(* Write v for the frequency p_{i,j} and compare the two runs through test
   functions phi that are nonincreasing along the grid (1/K)N: by induction on t,
   E phi(p^(t)) <= E phi(q^(t)) for every such phi. In one step v moves by D/K
   with D in {-1,0,1} and E[D^2] = 2v(1-v) whatever the fitness, so
   E phi(v + D/K) = T phi(v) + E[D] (phi(v + 1/K) - phi(v - 1/K)) / 2, where
   T phi is the expectation for a neutral position. Averaging D over the order
   of the two samples gives a score in which ties count 0. Exchanging the entries at
   position i of the two samples preserves their joint probability; for a
   neutral position it flips the sign of that score, so E[D] = 0, and when j is
   weakly preferred it can only help the sample holding j, so E[D] >= 0. Hence the
   f-step is below T phi(v) and the g-step equals it, and T phi is again
   nonincreasing on the grid because v(1-v) <= 1/4. Indicators of [v <= lam]
   are such test functions. *)

Lemma ler_sgr (R : realDomainType) : {homo (@Num.sg R) : x y / x <= y}.
Proof.
move=> x y le_xy; case: sgrP le_xy => hx; case: sgrP => hy //= le_xy; lra.
Qed.

Lemma sum_involutive_weighted (R : pzSemiRingType) (T : finType) (s : T -> T)
    (w F : T -> R) :
  involutive s -> (forall x, w (s x) = w x) ->
  \sum_x w x * F (s x) = \sum_x w x * F x.
Proof.
move=> sK ws; rewrite [RHS](reindex_inj (can_inj sK)).
by apply: eq_bigr => x _; rewrite ws.
Qed.

Lemma sum_indicator (R : pzSemiRingType) (T : finType) (c : T) :
  \sum_k ((c == k)%:R : R) = 1.
Proof.
by rewrite (bigD1 c) //= eqxx big1 ?addr0 // => k; rewrite eq_sym => /negbTE ->.
Qed.

Lemma sum_pair_mul (R : pzSemiRingType) (T U : finType) (F : T -> R)
    (G : U -> R) :
  \sum_(xy : T * U) F xy.1 * G xy.2 = (\sum_x F x) * (\sum_y G y).
Proof. by rewrite big_distrlr pair_big. Qed.

Lemma shift_by_sign (R : comPzRingType) (phi : R -> R) (v d e : R) :
  e = 0 \/ e = 1 \/ e = -1 ->
  2 * phi (v + d * e) = 2 * phi v + e * (phi (v + d) - phi (v - d))
    + e ^+ 2 * (phi (v + d) + phi (v - d) - 2 * phi v).
Proof. by case=> [->|[->|->]]; rewrite ?mulr0 ?addr0 ?mulr1 ?mulrN1; ring. Qed.

Lemma natr_eq_of_inv_eq_div (R : numFieldType) (K : R) (r m : nat) :
  (0 < r)%N -> K != 0 -> (r%:R)^-1 = m%:R / K -> K = (m * r)%:R.
Proof.
move=> r_gt0 K_neq0 rE; have r_neq0 : r%:R != 0 :> R by rewrite pnatr_eq0 -lt0n.
by rewrite natrM -[m%:R](mulfVK K_neq0) -rE mulrAC mulVf // mul1r.
Qed.

Section OnePosition.
Variables (R : realType) (n r : nat) (i : 'I_n) (j : 'I_r).
Local Notation pt := (point n r).
Local Notation fr := (freq R n r).
Implicit Types (p : fr) (x y : pt) (xy : pt * pt) (f g h : pt -> R) (phi : R -> R).

Definition row_stochastic (p : fr) := forall u, \sum_k p u k = 1.

Definition set_at (x : pt) (a : 'I_r) : pt :=
  [ffun k => if k == i then a else x k].

Definition exchange_at (xy : pt * pt) : pt * pt :=
  (set_at xy.1 (xy.2 i), set_at xy.2 (xy.1 i)).

Definition pair_prob (p : fr) (xy : pt * pt) : R :=
  sample_prob p xy.1 * sample_prob p xy.2.

Definition hits (x : pt) : R := (x i == j)%:R.

Lemma set_at_eq x a : set_at x a i = a.
Proof. by rewrite ffunE eqxx. Qed.

Lemma set_at_id x : set_at x (x i) = x.
Proof. by apply/ffunP => k; rewrite ffunE; case: eqP => [->|]. Qed.

Lemma set_atK x a b : set_at (set_at x a) b = set_at x b.
Proof. by apply/ffunP => k; rewrite !ffunE; case: eqP. Qed.

Lemma exchange_atK : involutive exchange_at.
Proof. by case=> x y; rewrite /exchange_at /= !set_at_eq !set_atK !set_at_id. Qed.

Lemma sample_prob_at p x :
  sample_prob p x = p i (x i) * \prod_(k | k != i) p k (x k).
Proof. by rewrite /sample_prob (bigD1 i). Qed.

Lemma sample_prob_set_at p x a :
  sample_prob p (set_at x a) = p i a * \prod_(k | k != i) p k (x k).
Proof.
rewrite sample_prob_at set_at_eq; congr (_ * _).
by apply: eq_bigr => k /negbTE ik; rewrite ffunE ik.
Qed.

Lemma pair_prob_exchange p xy : pair_prob p (exchange_at xy) = pair_prob p xy.
Proof.
by case: xy => x y; rewrite /pair_prob /= !sample_prob_set_at !sample_prob_at; ring.
Qed.

Lemma sample_prob_ge0 p x :
  (forall u k, 0 <= p u k) -> 0 <= sample_prob p x.
Proof. by move=> p_ge0; apply: prodr_ge0. Qed.

Lemma pair_prob_ge0 p xy : (forall u k, 0 <= p u k) -> 0 <= pair_prob p xy.
Proof. by move=> p_ge0; apply: mulr_ge0; apply: sample_prob_ge0. Qed.

Lemma sum_sample_prob p : row_stochastic p -> \sum_x sample_prob p x = 1.
Proof. by move=> p1; rewrite -bigA_distr_bigA; apply: big1 => u _; apply: p1. Qed.

Lemma sum_sample_prob_hits p :
  row_stochastic p -> \sum_x sample_prob p x * hits x = p i j.
Proof.
move=> p1; pose F u k := if u == i then p u k * (k == j)%:R else p u k.
transitivity (\sum_(x : pt) \prod_u F u (x u)).
  apply: eq_bigr => x _; rewrite sample_prob_at [in RHS](bigD1 i) //= /F eqxx /hits.
  have -> : \prod_(u | u != i) F u (x u) = \prod_(u | u != i) p u (x u).
    by apply: eq_bigr => u /negbTE iu; rewrite /F iu.
  ring.
rewrite -bigA_distr_bigA /= (bigD1 i) //= [X in _ * X]big1 => [|u /negbTE iu];
  last first.
  by rewrite /F iu p1.
rewrite /F eqxx (bigD1 j) //= eqxx [X in _ + X]big1 => [|k /negbTE kj]; last first.
  by rewrite kj mulr0.
by rewrite !mulr1 addr0.
Qed.

Lemma sum_pair_prob p : row_stochastic p -> \sum_xy pair_prob p xy = 1.
Proof. by move=> p1; rewrite sum_pair_mul sum_sample_prob ?mulr1. Qed.

Lemma sum_pair_prob_hits_sqr p : row_stochastic p ->
  \sum_xy pair_prob p xy * (hits xy.1 - hits xy.2) ^+ 2 = 2 * (p i j * (1 - p i j)).
Proof.
move=> p1; pose P := sample_prob p; pose Ph x := P x * hits x.
have e xy : pair_prob p xy * (hits xy.1 - hits xy.2) ^+ 2 =
    Ph xy.1 * P xy.2 + P xy.1 * Ph xy.2 - 2 * (Ph xy.1 * Ph xy.2).
  rewrite /pair_prob /Ph /hits /P.
  by case: (xy.1 i == j); case: (xy.2 i == j) => /=; ring.
rewrite (eq_bigr _ (fun xy _ => e xy)) sumrB big_split -mulr_sumr /= !sum_pair_mul.
by rewrite /Ph /P sum_sample_prob_hits // sum_sample_prob //; ring.
Qed.

Definition gain (h : pt -> R) (x y : pt) : R :=
  if h x < h y then hits y - hits x else hits x - hits y.

Definition sym_gain (h : pt -> R) (x y : pt) : R :=
  Num.sg (h x - h y) * (hits x - hits y).

Definition drift (h : pt -> R) (p : fr) : R :=
  \sum_xy pair_prob p xy * gain h xy.1 xy.2.

Lemma gain_cases h x y : gain h x y = 0 \/ gain h x y = 1 \/ gain h x y = -1.
Proof.
rewrite /gain /hits; case: ifP => _; case: (x i == j); case: (y i == j) => /=;
  (by left; ring) || (by right; left; ring) || (by right; right; ring).
Qed.

Lemma gain_sqr h x y : gain h x y ^+ 2 = (hits x - hits y) ^+ 2.
Proof. by rewrite /gain; case: ifP => _; ring. Qed.

Lemma gain_add_swap h x y : gain h x y + gain h y x = 2 * sym_gain h x y.
Proof.
rewrite /gain /sym_gain; case: ltgtP => [lt_xy|lt_yx|->].
- by rewrite ltr0_sg ?subr_lt0 //; ring.
- by rewrite gtr0_sg ?subr_gt0 //; ring.
- by rewrite subrr sgr0; ring.
Qed.

Lemma drift_sym_gain h p :
  drift h p = \sum_xy pair_prob p xy * sym_gain h xy.1 xy.2.
Proof.
have swapK : involutive (fun xy : pt * pt => (xy.2, xy.1)) by case.
have /= swap_eq := @sum_involutive_weighted _ _ _ (pair_prob p)
  (fun xy => gain h xy.1 xy.2) swapK (fun xy => mulrC _ _).
suff : drift h p + drift h p = 2 * \sum_xy pair_prob p xy * sym_gain h xy.1 xy.2.
  by lra.
rewrite {1}/drift -swap_eq /drift -big_split mulr_sumr /=.
by apply: eq_bigr => xy _; rewrite -mulrDr addrC gain_add_swap; ring.
Qed.

Lemma hits_set_at x a : hits (set_at x a) = (a == j)%:R.
Proof. by rewrite /hits set_at_eq. Qed.

Lemma prefers_set_at_le h x a :
  weakly_prefers h i j -> x i = j -> h (set_at x a) <= h x.
Proof.
by move=> hj xj; rewrite -{2}(set_at_id x) xj -(set_atK x a j); apply: hj.
Qed.

Lemma neutral_set_at h x a : neutral h i -> h (set_at x a) = h x.
Proof. by move=> hi; apply: hi => k /negbTE ki; rewrite ffunE ki. Qed.

Lemma sym_gain_exchange_ge0 h xy : weakly_prefers h i j ->
  0 <= sym_gain h xy.1 xy.2 + sym_gain h (exchange_at xy).1 (exchange_at xy).2.
Proof.
case: xy => x y hj; rewrite /sym_gain /= !hits_set_at /hits.
case: (eqVneq (x i) j) => [xj|xnj]; case: (eqVneq (y i) j) => [yj|ynj].
- by rewrite !subrr !mulr0 addr0.
- have lex : h (set_at x (y i)) <= h x by apply: prefers_set_at_le.
  have ley : h y <= h (set_at y (x i)) by rewrite xj; apply: hj.
  have := ler_sgr (lerB lex ley).
  by rewrite /=; lra.
- have lex : h x <= h (set_at x (y i)) by rewrite yj; apply: hj.
  have ley : h (set_at y (x i)) <= h y by apply: prefers_set_at_le.
  have := ler_sgr (lerB lex ley).
  by rewrite /=; lra.
- by rewrite !subrr !mulr0 addr0.
Qed.

Lemma sym_gain_exchange_neutral h xy : neutral h i ->
  sym_gain h (exchange_at xy).1 (exchange_at xy).2 = - sym_gain h xy.1 xy.2.
Proof.
case: xy => x y hi; rewrite /sym_gain /= !hits_set_at !neutral_set_at //.
by rewrite /hits; ring.
Qed.

Lemma sum_sym_gain_exchange h p :
  \sum_xy pair_prob p xy * sym_gain h (exchange_at xy).1 (exchange_at xy).2
  = \sum_xy pair_prob p xy * sym_gain h xy.1 xy.2.
Proof.
exact: (sum_involutive_weighted (fun xy => sym_gain h xy.1 xy.2) exchange_atK
  (pair_prob_exchange p)).
Qed.

Lemma drift_ge0 h p :
  (forall u k, 0 <= p u k) -> weakly_prefers h i j -> 0 <= drift h p.
Proof.
move=> p_ge0 hj; rewrite drift_sym_gain.
suff : 0 <= \sum_xy pair_prob p xy * sym_gain h xy.1 xy.2
          + \sum_xy pair_prob p xy * sym_gain h (exchange_at xy).1 (exchange_at xy).2.
  by rewrite sum_sym_gain_exchange; lra.
rewrite -big_split /=; apply: sumr_ge0 => xy _; rewrite -mulrDr.
by apply: mulr_ge0; [apply: pair_prob_ge0 | apply: sym_gain_exchange_ge0].
Qed.

Lemma drift_neutral h p : neutral h i -> drift h p = 0.
Proof.
move=> hi; have := sum_sym_gain_exchange h p.
under eq_bigr do rewrite sym_gain_exchange_neutral // mulrN.
by rewrite sumrN drift_sym_gain; lra.
Qed.
(* Let $G=(G_1,\dots,G_N)$ be a finite normal-form game with strategy sets $\mathcal{A}_q$, fix a player $p$, a scalar $s_p>0$ and an arbitrary function $b_p:\mathcal{A}_{-p}\to\mathbb{R}$, and let $\hat G$ be the game with $\hat G_p(a)=s_pG_p(a)+b_p(a_{-p})$ and $\hat G_q=G_q$ for $q\ne p$. Suppose $G$ and $\hat G$ each have a unique maximum-entropy Nash equilibrium. Then the Nash-average ratings $r^{\mathrm{NA}}_p$ of $G$ and $\hat r^{\mathrm{NA}}_p$ of $\hat G$ induce the same ranking of player $p$'s strategies: for all $a_p,\tilde a_p\in\mathcal{A}_p$, $r^{\mathrm{NA}}_p(a_p)<r^{\mathrm{NA}}_p(\tilde a_p)$ iff $\hat r^{\mathrm{NA}}_p(a_p)<\hat r^{\mathrm{NA}}_p(\tilde a_p)$, and $r^{\mathrm{NA}}_p(a_p)=r^{\mathrm{NA}}_p(\tilde a_p)$ iff $\hat r^{\mathrm{NA}}_p(a_p)=\hat r^{\mathrm{NA}}_p(\tilde a_p)$.
   Context: A Nash equilibrium is a profile of mixed strategies $(\sigma_1,\dots,\sigma_N)$ such that no player can increase its expected payoff by unilaterally deviating; the maximum-entropy Nash equilibrium $\sigma^{\mathrm{MENE}}$ is a Nash equilibrium maximizing the Shannon entropy of the product distribution $\otimes_q\sigma_q$. The Nash-average rating of player $p$'s strategy $a_p$ in game $G$ is $r^{\mathrm{NA}}_p(a_p)=\sum_{a_{-p}\in\mathcal{A}_{-p}}G_p(a_p,a_{-p})\prod_{q\ne p}\sigma^{\mathrm{MENE}}_q(a_q)$, computed with the maximum-entropy Nash equilibrium of that game. *)

From HB Require Import structures.
From mathcomp Require Import all_boot all_order all_algebra.
From mathcomp Require Import all_classical all_reals all_analysis.
Set Implicit Arguments. Unset Strict Implicit. Unset Printing Implicit Defensive.
Import Order.TTheory GRing.Theory Num.Theory.
Local Open Scope ring_scope.

Definition profile (N : nat) (A : 'I_N -> finType) := {dffun forall q : 'I_N, A q}.

Definition game (R : realType) (N : nat) (A : 'I_N -> finType) :=
  'I_N -> profile A -> R.

Definition mixed_prof (R : realType) (N : nat) (A : 'I_N -> finType) :=
  forall q : 'I_N, A q -> R.

Definition is_mixed (R : realType) (T : finType) (t : T -> R) : Prop :=
  (forall x, 0 <= t x) /\ \sum_(x : T) t x = 1.

Definition is_mixed_prof (R : realType) N (A : 'I_N -> finType)
  (sigma : mixed_prof R A) : Prop := forall q, is_mixed (sigma q).

Definition prodprob (R : realType) N (A : 'I_N -> finType)
  (sigma : mixed_prof R A) (a : profile A) : R :=
  \prod_(q : 'I_N) sigma q (a q).

Definition dev_payoff (R : realType) N (A : 'I_N -> finType) (G : game R A)
  (p : 'I_N) (sigma : mixed_prof R A) (tau : A p -> R) : R :=
  \sum_(a : profile A) G p a * (tau (a p) * \prod_(q : 'I_N | q != p) sigma q (a q)).

Definition payoff (R : realType) N (A : 'I_N -> finType) (G : game R A)
  (p : 'I_N) (sigma : mixed_prof R A) : R :=
  \sum_(a : profile A) G p a * prodprob sigma a.

Definition is_nash (R : realType) N (A : 'I_N -> finType) (G : game R A)
  (sigma : mixed_prof R A) : Prop :=
  is_mixed_prof sigma /\
  forall (p : 'I_N) (tau : A p -> R), is_mixed tau ->
    @dev_payoff R N A G p sigma tau <= @payoff R N A G p sigma.

Definition xlnx (R : realType) (x : R) : R := if x == 0 then 0 else x * ln x.

Definition entropy (R : realType) N (A : 'I_N -> finType)
  (sigma : mixed_prof R A) : R :=
  - \sum_(a : profile A) xlnx (prodprob sigma a).

Definition is_MENE (R : realType) N (A : 'I_N -> finType) (G : game R A)
  (sigma : mixed_prof R A) : Prop :=
  is_nash G sigma /\
  forall sigma' : mixed_prof R A, is_nash G sigma' -> entropy sigma' <= entropy sigma.

Definition unique_MENE (R : realType) N (A : 'I_N -> finType) (G : game R A) : Prop :=
  (exists sigma, is_MENE G sigma) /\
  forall s1 s2 : mixed_prof R A, is_MENE G s1 -> is_MENE G s2 ->
    forall q x, s1 q x = s2 q x.

(* Nash-average rating of strategy ap of player p w.r.t. sigma:
   sum over a_{-p} (i.e. over profiles a with a p = ap) of
   G_p(ap, a_{-p}) * prod_{q <> p} sigma_q(a_q). *)
Definition na_rating (R : realType) N (A : 'I_N -> finType) (G : game R A)
  (sigma : mixed_prof R A) (p : 'I_N) (ap : A p) : R :=
  \sum_(a : profile A | a p == ap) G p a * \prod_(q : 'I_N | q != p) sigma q (a q).

Definition indep_of (N : nat) (A : 'I_N -> finType) (p : 'I_N) (R : Type)
  (b : profile A -> R) : Prop :=
  forall a a' : profile A, (forall q, q != p -> a q = a' q) -> b a = b a'.

Definition affine_game (R : realType) N (A : 'I_N -> finType) (G : game R A)
  (p : 'I_N) (s : R) (b : profile A -> R) : game R A :=
  fun q a => if q == p then s * G p a + b a else G q a.

From HB Require Import structures.
From mathcomp Require Import all_boot all_order all_algebra.
From mathcomp Require Import all_classical all_reals all_analysis.
Set Implicit Arguments. Unset Strict Implicit. Unset Printing Implicit Defensive.
Import Order.TTheory GRing.Theory Num.Theory.
Local Open Scope ring_scope.

(* Since b_p depends only on a_{-p}, the Nash-average ratings of player p in
   the transformed game are s_p times those of G plus a constant that does not
   depend on p's own strategy.  Every expected payoff of p against a fixed
   profile of the others is an average of these ratings, so p's deviation
   gains are just scaled by s_p > 0: G and hat G have the same Nash equilibria,
   hence the same maximum-entropy ones, and uniqueness forces both ratings to
   be computed with the same equilibrium.  The two ratings are then related by
   a strictly increasing affine map, which preserves order and equality. *)

Section Reindexing.

Variables (N : nat) (A : 'I_N -> finType) (p : 'I_N).

Definition set_strategy (a : profile A) (x : A p) : profile A :=
  [ffun q => @dfwith _ (fun q => A q) (fun q => a q) p x q].

Lemma set_strategy_at (a : profile A) x : set_strategy a x p = x.
Proof. by rewrite ffunE; apply: dfwith_in. Qed.

Lemma set_strategy_other (a : profile A) x q : q != p -> set_strategy a x q = a q.
Proof. by move=> qp; rewrite ffunE; apply: dfwith_out; rewrite eq_sym. Qed.

Lemma set_strategy_id (a : profile A) : set_strategy a (a p) = a.
Proof.
apply/ffunP => q; have [->|qp] := eqVneq q p; first by rewrite set_strategy_at.
by rewrite set_strategy_other.
Qed.

Lemma set_strategyK (a : profile A) x y :
  set_strategy (set_strategy a x) y = set_strategy a y.
Proof.
apply/ffunP => q; have [->|qp] := eqVneq q p; first by rewrite !set_strategy_at.
by rewrite !set_strategy_other.
Qed.

Lemma sum_fiber_indep (V : nmodType) (f : profile A -> V) (x y : A p) :
  indep_of p f ->
  \sum_(a : profile A | a p == x) f a = \sum_(a : profile A | a p == y) f a.
Proof.
move=> f_indep.
rewrite (reindex_onto (fun a : profile A => set_strategy a x)
                      (fun a : profile A => set_strategy a y)) /=; last first.
  by move=> a /eqP <-; rewrite set_strategyK set_strategy_id.
apply: eq_big => [a|a _]; last by apply: f_indep => q qp; rewrite set_strategy_other.
rewrite set_strategy_at eqxx set_strategyK.
apply/eqP/eqP => [<-|<-]; first by rewrite set_strategy_at.
by rewrite set_strategy_id.
Qed.

End Reindexing.

Lemma sum_weights_const (R : realType) (T : finType) (c w1 w2 : T -> R) :
  (forall x y, c x = c y) -> \sum_x w1 x = \sum_x w2 x ->
  \sum_x w1 x * c x = \sum_x w2 x * c x.
Proof.
move=> c_const w12; have [y _|T_empty] := pickP (@predT T); last by rewrite !big_pred0.
rewrite (eq_bigr (fun x => w1 x * c y)) => [|x _]; last by rewrite (c_const x y).
rewrite [RHS](eq_bigr (fun x => w2 x * c y)) => [|x _]; last by rewrite (c_const x y).
by rewrite -!big_distrl /= w12.
Qed.

Section NashAverage.

Variables (R : realType) (N : nat) (A : 'I_N -> finType).
Implicit Types (H G : game R A) (sigma : mixed_prof R A).

Lemma payoff_dev_payoff H p sigma : payoff H p sigma = dev_payoff H sigma (sigma p).
Proof. by apply: eq_bigr => a _; rewrite /prodprob (bigD1 p). Qed.

Lemma dev_payoff_na_rating H p sigma (tau : A p -> R) :
  dev_payoff H sigma tau = \sum_(x : A p) tau x * na_rating H sigma x.
Proof.
rewrite /dev_payoff (partition_big (fun a : profile A => a p) predT) //=.
apply: eq_bigr => x _; rewrite big_distrr /=.
by apply: eq_bigr => a /eqP <-; rewrite mulrCA.
Qed.

Variables (G : game R A) (p : 'I_N) (s : R) (b : profile A -> R).

Definition bias_rating sigma (x : A p) : R :=
  \sum_(a : profile A | a p == x) b a * \prod_(q : 'I_N | q != p) sigma q (a q).

Lemma bias_rating_const sigma x y :
  indep_of p b -> bias_rating sigma x = bias_rating sigma y.
Proof.
move=> b_indep; apply: sum_fiber_indep => a a' eq_others.
rewrite (b_indep a a' eq_others); congr (_ * _).
by apply: eq_bigr => q qp; rewrite eq_others.
Qed.

Lemma na_rating_affine sigma x :
  na_rating (affine_game G p s b) sigma x = s * na_rating G sigma x + bias_rating sigma x.
Proof.
rewrite /na_rating big_distrr -big_split /=.
by apply: eq_bigr => a _; rewrite /affine_game eqxx mulrDl mulrA.
Qed.

Lemma dev_payoff_affine sigma (tau : A p -> R) :
  dev_payoff (affine_game G p s b) sigma tau =
  s * dev_payoff G sigma tau + \sum_x tau x * bias_rating sigma x.
Proof.
rewrite !dev_payoff_na_rating big_distrr -big_split /=.
by apply: eq_bigr => x _; rewrite na_rating_affine mulrDr mulrCA.
Qed.

Lemma dev_payoff_affine_other q sigma (tau : A q -> R) : q != p ->
  dev_payoff (affine_game G p s b) sigma tau = dev_payoff G sigma tau.
Proof. by move=> qp; apply: eq_bigr => a _; rewrite /affine_game (negbTE qp). Qed.

Lemma payoff_affine_other q sigma : q != p ->
  payoff (affine_game G p s b) q sigma = payoff G q sigma.
Proof. by move=> qp; apply: eq_bigr => a _; rewrite /affine_game (negbTE qp). Qed.

Hypotheses (s_gt0 : 0 < s) (b_indep : indep_of p b).

Lemma is_nash_affine sigma : is_nash (affine_game G p s b) sigma <-> is_nash G sigma.
Proof.
suff same_gain : is_mixed_prof sigma -> forall q (tau : A q -> R), is_mixed tau ->
    (dev_payoff (affine_game G p s b) sigma tau <= payoff (affine_game G p s b) q sigma)
    = (dev_payoff G sigma tau <= payoff G q sigma).
  by split=> -[mixed nash]; split=> // q tau /[dup] tau_mixed /nash;
    rewrite same_gain.
move=> mixed q tau tau_mixed; have [qp|qp] := eqVneq q p; last first.
  by rewrite dev_payoff_affine_other // payoff_affine_other.
subst q.
rewrite !payoff_dev_payoff !dev_payoff_affine.
rewrite (@sum_weights_const _ _ _ tau (sigma p)); last by rewrite (mixed p).2 tau_mixed.2.
  by rewrite lerD2r ler_pM2l.
by move=> x y; apply: bias_rating_const.
Qed.

Lemma is_MENE_affine sigma : is_MENE (affine_game G p s b) sigma <-> is_MENE G sigma.
Proof.
by split=> -[nash max_entropy]; split=> [|s' /is_nash_affine /max_entropy //];
  rewrite ?is_nash_affine // -is_nash_affine.
Qed.

End NashAverage.

Theorem mainTheorem8 (R : realType) (N : nat) (A : 'I_N -> finType)
  (G : game R A) (p : 'I_N) (s : R) (b : profile A -> R) :
  0 < s -> indep_of p b ->
  unique_MENE G -> unique_MENE (affine_game G p s b) ->
  forall sigma sigmah : mixed_prof R A,
  is_MENE G sigma -> is_MENE (affine_game G p s b) sigmah ->
  forall ap ap' : A p,
    (na_rating G sigma ap < na_rating G sigma ap' <->
     na_rating (affine_game G p s b) sigmah ap <
       na_rating (affine_game G p s b) sigmah ap') /\
    (na_rating G sigma ap = na_rating G sigma ap' <->
     na_rating (affine_game G p s b) sigmah ap =
       na_rating (affine_game G p s b) sigmah ap').
Proof.
move=> s_gt0 b_indep _ [_ uniq_hat] sigma sigmah mene mene_hat ap ap'.
have mene' : is_MENE (affine_game G p s b) sigma by rewrite is_MENE_affine.
have -> : sigmah = sigma.
  apply: functional_extensionality_dep => q; apply: funext => x.
  exact: uniq_hat.
rewrite !na_rating_affine (bias_rating_const sigma ap ap' b_indep).
split; first by rewrite ltrD2r ltr_pM2l.
by split=> [->//|/addIr/mulfI]; apply; rewrite gt_eqF.
Qed.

EXERCISE OBJECTIVE -
Each line that holds the string "Prop" counts once. Give the total for the listing and nothing else.

OUTPUT FOR THIS TASK -
6